In primo luogo, la sfera dei sentimenti umani non è costruita attraverso l’odio delle due parti in gioco (come in Vultus ad esempio: i due fratelli si devono uccidere anche se sono fratelli), ma è presente in dose cospicua, sapientemente gestita nei rapporti interpersonali degli individui facenti parte della fazione terrestre. E la componente umana è un motore dal peso nient’affato trascurabile nell’evolversi della vicenda: a fare di Noriko un degno pilota del Gunbuster saranno infatti il dolore della scomparsa del padre, della perdita di numerosi amici, l’odio per le proprie debolezze, il desiderio di migliorarsi e la volontà di non lasciarsi sopraffare nelle sfide con gli altri o con se stessi. A fare della “signorina” un pilota completo saranno allo stesso modo il desiderio di difendere il proprio amore, il desiderio di voler vivere fino in fondo la propria vita e la volontà di riuscire a fare sempre la cosa giusta. Non manca niente per parlare di formazione psicologica dei personaggi.

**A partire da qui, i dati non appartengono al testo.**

(* Let $(\mathcal{T},q)$ be an interaction-free OMQ with $\mathcal{T}$ a DL-Lite$_\mathcal{R}$ TBox and $q$ a Boolean CQ, let $\mathcal{A}$ be an ABox consistent with $\mathcal{T}$, and let $x$ be a shared variable of $q$ (a variable occurring in at least two distinct atoms of $q$). Then for every homomorphism $h:q\to\mathcal{C}_{\mathcal{A},\mathcal{T}}$ we have $h(x)\in\mathrm{const}(\mathcal{A})$.
   Context: DL-Lite$_\mathcal{R}$ TBoxes contain inclusions $B\sqsubseteq C$, $R\sqsubseteq S$ with $B::=A\mid\exists R$, $C::=B\mid\neg B$, $R$ a role ($r$ or $r^-$), $S::=R\mid\neg R$. An ABox $\mathcal{A}$ is a finite set of assertions $A(c)$, $r(b,c)$; $\mathrm{const}(\mathcal{A})$ is its set of individuals. For a consistent KB $(\mathcal{A},\mathcal{T})$, the canonical model $\mathcal{C}_{\mathcal{A},\mathcal{T}}$ has domain all words $aR_1\cdots R_n$ ($n\ge0$, $a\in\mathrm{const}(\mathcal{A})$, $R_i$ roles) such that if $n\ge1$ then $(\mathcal{A},\mathcal{T})\models\exists R_1(a)$ and there is no $b\in\mathrm{const}(\mathcal{A})$ with $(\mathcal{A},\mathcal{T})\models R_1(a,b)$, and for $1\le i<n$, $\mathcal{T}\models\exists R_i^-\sqsubseteq\exists R_{i+1}$ and $R_i^-\neq R_{i+1}$; it interprets $a$ as $a$, $A$ as the individuals $a$ with $(\mathcal{A},\mathcal{T})\models A(a)$ plus words $aR_1\cdots R_n$ ($n\ge1$) with $\mathcal{T}\models\exists R_n^-\sqsubseteq A$, and $r$ as the pairs $(a,b)$ with $r(a,b)\in\mathcal{A}$, plus $(w,wR')$ with $\mathcal{T}\models R'\sqsubseteq r$, plus $(wR',w)$ with $\mathcal{T}\models R'\sqsubseteq r^-$. Elements outside $\mathrm{const}(\mathcal{A})$ are anonymous. Let $\circledast$ be a special symbol and $C^\circledast=C\cup\{\circledast\}$. For an atom $\alpha$ and $\mu:\mathrm{vars}(\alpha)\to\mathrm{const}(\mathcal{A})^\circledast$, write $(\mathcal{A},\mathcal{T})\models_\mu\alpha$ if there is a homomorphism $h:\alpha\to\mathcal{C}_{\mathcal{A},\mathcal{T}}$ with $h(x)=\mu(x)$ when $\mu(x)\in\mathrm{const}(\mathcal{A})$ and $h(x)$ anonymous when $\mu(x)=\circledast$. $(\mathcal{T},q)$ is interaction-free if for every assertion $f$, all atoms $\alpha,\beta$ of $q$ and all $\mu_\alpha:\mathrm{vars}(\alpha)\to\mathrm{const}(f)^\circledast$, $\mu_\beta:\mathrm{vars}(\beta)\to\mathrm{const}(f)^\circledast$, if $(\{f\},\mathcal{T})\models_{\mu_\alpha}\alpha$ and $(\{f\},\mathcal{T})\models_{\mu_\beta}\beta$ then $(\alpha,\mu_\alpha)=(\beta,\mu_\beta)$. Homomorphisms from $q$ map constants to themselves. *)

From Stdlib Require Import List.
Import ListNotations.
Set Implicit Arguments.
Lemma split_lnode a : split (lnode a) = inl a. Proof. exact: (unsplitK (inl a)). Qed.
Lemma split_rnode b : split (rnode b) = inr b. Proof. exact: (unsplitK (inr b)). Qed.

Lemma node_ind (P : node -> Prop) :
  (forall a, P (lnode a)) -> (forall b, P (rnode b)) -> forall x, P x.
Proof. by move=> Pl Pr x; case: (split_ordP x) => a ->. Qed.

Lemma glued_tree_ll a b : glued_tree (lnode a) (lnode b) = tr1 a b.
Proof. by rewrite /glued_tree !split_lnode. Qed.
Lemma glued_tree_rr a b : glued_tree (rnode a) (rnode b) = tr2 a b.
Proof. by rewrite /glued_tree !split_rnode. Qed.
Lemma glued_tree_lr a b : glued_tree (lnode a) (rnode b) = (a == i1) && (b == i2).
Proof. by rewrite /glued_tree split_lnode split_rnode. Qed.
Lemma glued_tree_rl a b : glued_tree (rnode a) (lnode b) = (a == i2) && (b == i1).
Proof. by rewrite /glued_tree split_lnode split_rnode. Qed.
Lemma on_left_l a : on_left (lnode a). Proof. by rewrite /on_left split_lnode. Qed.
Lemma on_left_r b : on_left (rnode b) = false. Proof. by rewrite /on_left split_rnode. Qed.

Definition glued_treeE :=
  (glued_tree_ll, glued_tree_rr, glued_tree_lr, glued_tree_rl, on_left_l, on_left_r).

Lemma glued_tree_cross x y : glued_tree x y -> on_left x != on_left y ->
  [set x; y] = [set lnode i1; rnode i2].
Proof.
elim/node_ind: x => a; elim/node_ind: y => b; rewrite !glued_treeE //.
  by case/andP=> /eqP-> /eqP->.
by case/andP=> /eqP-> /eqP->; rewrite setUC.
Qed.

Lemma on_left_closed x y : glued_tree x y -> on_left x != on_left y ->
  closed (del_edge glued_tree x y) on_left.
Proof.
move=> xy side u v /andP[uv]; apply: contraNeq => side_uv.
by rewrite (glued_tree_cross uv side_uv) (glued_tree_cross xy side).
Qed.

(* Collapsing the other tree onto [i1] (resp. [i2]) turns walks avoiding an edge of
   [tr1] (resp. [tr2]) in the glued tree into walks avoiding it in [tr1] (resp. [tr2]). *)
Definition proj_left (x : node) : 'I_n1.+1 := if split x is inl a then a else i1.
Definition proj_right (x : node) : 'I_n2.+1 := if split x is inr b then b else i2.

Lemma proj_left_connect a b x y : connect (del_edge glued_tree (lnode a) (lnode b)) x y ->
  connect (del_edge tr1 a b) (proj_left x) (proj_left y).
Proof.
apply: connect_homo => {x y}; elim/node_ind => x; elim/node_ind => y;
  rewrite /proj_left ?split_lnode ?split_rnode => /andP[]; rewrite !glued_treeE => xy xy_ab;
  try by [exact: connect0 | case/andP: xy => /eqP-> _ | case/andP: xy => _ /eqP->].
apply/connect1/andP; split=> //; apply: contra xy_ab => /eqP xy_ab.
by rewrite -!imset_set2 xy_ab.
Qed.

Lemma proj_right_connect a b x y : connect (del_edge glued_tree (rnode a) (rnode b)) x y ->
  connect (del_edge tr2 a b) (proj_right x) (proj_right y).
Proof.
apply: connect_homo => {x y}; elim/node_ind => x; elim/node_ind => y;
  rewrite /proj_right ?split_lnode ?split_rnode => /andP[]; rewrite !glued_treeE => xy xy_ab;
  try by [exact: connect0 | case/andP: xy => /eqP-> _ | case/andP: xy => _ /eqP->].
apply/connect1/andP; split=> //; apply: contra xy_ab => /eqP xy_ab.
by rewrite -!imset_set2 xy_ab.
Qed.

Lemma glued_tree_sym : symmetric tr1 -> symmetric tr2 -> symmetric glued_tree.
Proof.
move=> sym1 sym2; elim/node_ind => a; elim/node_ind => b;
  by rewrite !glued_treeE 1?andbC.
Qed.

Lemma glued_tree_is_tree : is_tree tr1 -> is_tree tr2 -> @is_tree (n1 + n2.+1) glued_tree.
Proof.
move=> [sym1 irr1 conn1 min1] [sym2 irr2 conn2 min2].
have sym := glued_tree_sym sym1 sym2.
split=> //.
- by elim/node_ind => a; rewrite glued_treeE ?irr1 ?irr2.
- have to_i1 x : connect glued_tree x (lnode i1).
    elim/node_ind: x => a.
      by apply: connect_homo (conn1 a i1) => x y xy; rewrite connect1 ?glued_treeE.
    apply: (@connect_trans _ _ (rnode i2)); last by rewrite connect1 ?glued_treeE ?eqxx.
    by apply: connect_homo (conn2 a i2) => x y xy; rewrite connect1 ?glued_treeE.
  by move=> x y; rewrite (connect_trans (to_i1 x)) // sym_connect_sym.
- move=> x y xy; have [side|cross] := eqVneq (on_left x) (on_left y); last first.
    by apply/negP => /(closed_connect (on_left_closed xy cross)); apply/eqP.
  move: side xy; elim/node_ind: x => a; elim/node_ind: y => b; rewrite !glued_treeE //.
  + by move=> _ /min1; apply: contra => /proj_left_connect; rewrite /proj_left !split_lnode.
  + by move=> _ /min2; apply: contra => /proj_right_connect; rewrite /proj_right !split_rnode.
Qed.
End GluedTree.

Section Treewidth.
Variables (T : finType) (e : rel T).

Definition clique (K : {set T}) : Prop := {in K &, forall u v, u != v -> e u v}.

Lemma tw_le_subset (W W' : {set T}) k : tw_le e W k -> W' \subset W -> tw_le e W' k.
Proof.
move=> [n [tr [B [tree [B_sub B_card] cover edges bags_conn]]]] sW'.
exists n, tr, (fun i => B i :&: W'); split=> //.
- split=> i; first exact: subsetIr.
  exact: leq_trans (subset_leq_card (subsetIl _ _)) (B_card i).
- move=> v vW'; have [i vi] := cover v (subsetP sW' v vW').
  by exists i; rewrite inE vi.
- move=> u v uW' vW' /(edges u v (subsetP sW' _ uW') (subsetP sW' _ vW')) [i /andP[ui vi]].
  by exists i; rewrite !inE ui vi uW' vW'.
- move=> v i j; rewrite !inE => /andP[vi vW'] /andP[vj _].
  apply: connect_sub (bags_conn v i j vi vj) => a b /and3P[ab va vb].
  by rewrite connect1 //= !inE ab va vb vW'.
Qed.

Lemma small_clique_in_bag (W K : {set T}) k n (tr : rel 'I_n.+1) (B : 'I_n.+1 -> {set T}) :
  tree_decomp_of_width e W k tr B -> K \subset W -> #|K| <= 2 -> clique K ->
  exists i, K \subset B i.
Proof.
move=> [_ _ cover edges _] /[swap] /card_le2_cases[-> | [x ->] | [x [y [xy ->]]]] KW K_clique.
- by exists ord0; apply: sub0set.
- by have [i xi] := cover x (subsetP KW _ (set11 x)); exists i; rewrite sub1set.
- have xK : x \in [set x; y] by rewrite set21.
  have yK : y \in [set x; y] by rewrite set22.
  have [i /andP[xi yi]] := edges x y (subsetP KW _ xK) (subsetP KW _ yK) (K_clique _ _ xK yK xy).
  by exists i; rewrite subUset !sub1set xi yi.
Qed.
End Treewidth.

Section CliqueSum.
Variables (T : finType) (e : rel T).
Hypothesis e_sym : symmetric e.
Variables (A1 A2 : {set T}) (k n1 n2 : nat).
Variables (tr1 : rel 'I_n1.+1) (tr2 : rel 'I_n2.+1).
Variables (B1 : 'I_n1.+1 -> {set T}) (B2 : 'I_n2.+1 -> {set T}).
Variables (i1 : 'I_n1.+1) (i2 : 'I_n2.+1).
Hypotheses (D1 : tree_decomp_of_width e A1 k tr1 B1) (D2 : tree_decomp_of_width e A2 k tr2 B2).
Hypotheses (A12_sub_B1 : A1 :&: A2 \subset B1 i1) (A12_sub_B2 : A1 :&: A2 \subset B2 i2).
Hypothesis no_cross_edge : forall u v, u \in A1 :\: A2 -> v \in A2 :\: A1 -> ~~ e u v.

Local Notation node := 'I_(n1.+1 + n2.+1).
Local Notation lnode := (@lshift n1.+1 n2.+1).
Local Notation rnode := (@rshift n1.+1 n2.+1).
Local Notation gtr := (glued_tree tr1 tr2 i1 i2).

Definition glued_bag (x : node) : {set T} :=
  match split x with inl a => B1 a | inr b => B2 b end.

Lemma glued_bag_l a : glued_bag (lnode a) = B1 a.
Proof. by rewrite /glued_bag split_lnode. Qed.
Lemma glued_bag_r b : glued_bag (rnode b) = B2 b.
Proof. by rewrite /glued_bag split_rnode. Qed.

Lemma glued_bags_connect v x y : v \in glued_bag x -> v \in glued_bag y ->
  connect [rel a b | [&& gtr a b, v \in glued_bag a & v \in glued_bag b]] x y.
Proof.
case: D1 D2 => [[sym1 _ _ _] [B1_sub _] _ _ conn1] [[sym2 _ _ _] [B2_sub _] _ _ conn2].
set r := [rel a b | _].
have r_sym : connect_sym r.
  apply: sym_connect_sym => a b /=.
  by rewrite glued_tree_sym // (andbC (v \in glued_bag a)).
have conn_l a b : v \in B1 a -> v \in B1 b -> connect r (lnode a) (lnode b).
  move=> va vb; apply: connect_homo (conn1 v a b va vb) => c d /and3P[cd vc vd].
  by rewrite connect1 //= glued_treeE !glued_bag_l cd vc vd.
have conn_r a b : v \in B2 a -> v \in B2 b -> connect r (rnode a) (rnode b).
  move=> va vb; apply: connect_homo (conn2 v a b va vb) => c d /and3P[cd vc vd].
  by rewrite connect1 //= glued_treeE !glued_bag_r cd vc vd.
have conn_lr a b : v \in B1 a -> v \in B2 b -> connect r (lnode a) (rnode b).
  move=> va vb.
  have vA12 : v \in A1 :&: A2 by rewrite inE (subsetP (B1_sub a)) ?(subsetP (B2_sub b)).
  have v1 := subsetP A12_sub_B1 v vA12; have v2 := subsetP A12_sub_B2 v vA12.
  apply: connect_trans (conn_l a i1 va v1) (connect_trans _ (conn_r i2 b v2 vb)).
  by rewrite connect1 //= glued_treeE glued_bag_l glued_bag_r !eqxx v1 v2.
elim/node_ind: x => a; elim/node_ind: y => b;
  rewrite ?glued_bag_l ?glued_bag_r => va vb; [exact: conn_l | | rewrite r_sym |];
  by [apply: conn_lr | apply: conn_r].
Qed.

In secondo luogo, il nemico, dichiarato da subito imbattibile, è necessario per portare ad un nuovo grado di esaltazione la figura dell’eroe e l’elemento “distruzione totale” ad un grado di sfida estremo. Ogni volta che il Gunbuster esce dal proprio hangar, le sue enormi capacità belliche pongono in ginocchio la minaccia aliena, sconfiggendola proprio sul terreno di battaglia ad esso più congeniale, quello cioè della forza fisica. Nel solo Gunbuster è infatti concentrata tutta la tecnologia, la forza, la speranza ed il sacrifico che gli uomini sanno profondere per la propria sopravvivenza. Un potenziale enorme, racchiuso però in una macchina di ferro alta 250 metri, immersa in combattimenti in cui solo gli anni luce hanno significato come unità di misura delle distanze, e posta a combattere miliardi di nemici letteralmente a mani nude. Anche se il Gunbuster è il più grande robottone mai pensato fino all’inizio degli anni ’90, la minaccia nemica in campo è la più sterminata mai concepita in un anime e, pertanto, il divario di forze dispiegato tra “buoni e cattivi” è uno dei più grandi mai affrontati. Eppure, non si gioca tutto sul piano numerico: la vera genialità di Hideaki Anno sta nel far emergere con inaudita trasparenza quanto lo scontro, il conflitto e la guerra siano una vera e propria sfida, da combattere con ogni mezzo e con determinazione assoluta, fino all’estremo della disperazione. Le possibilità di avere la meglio contro un nemico la cui forza appare sostanzialmente incommensurabile sono, e restano dall’inizio alla fine, infinitesime.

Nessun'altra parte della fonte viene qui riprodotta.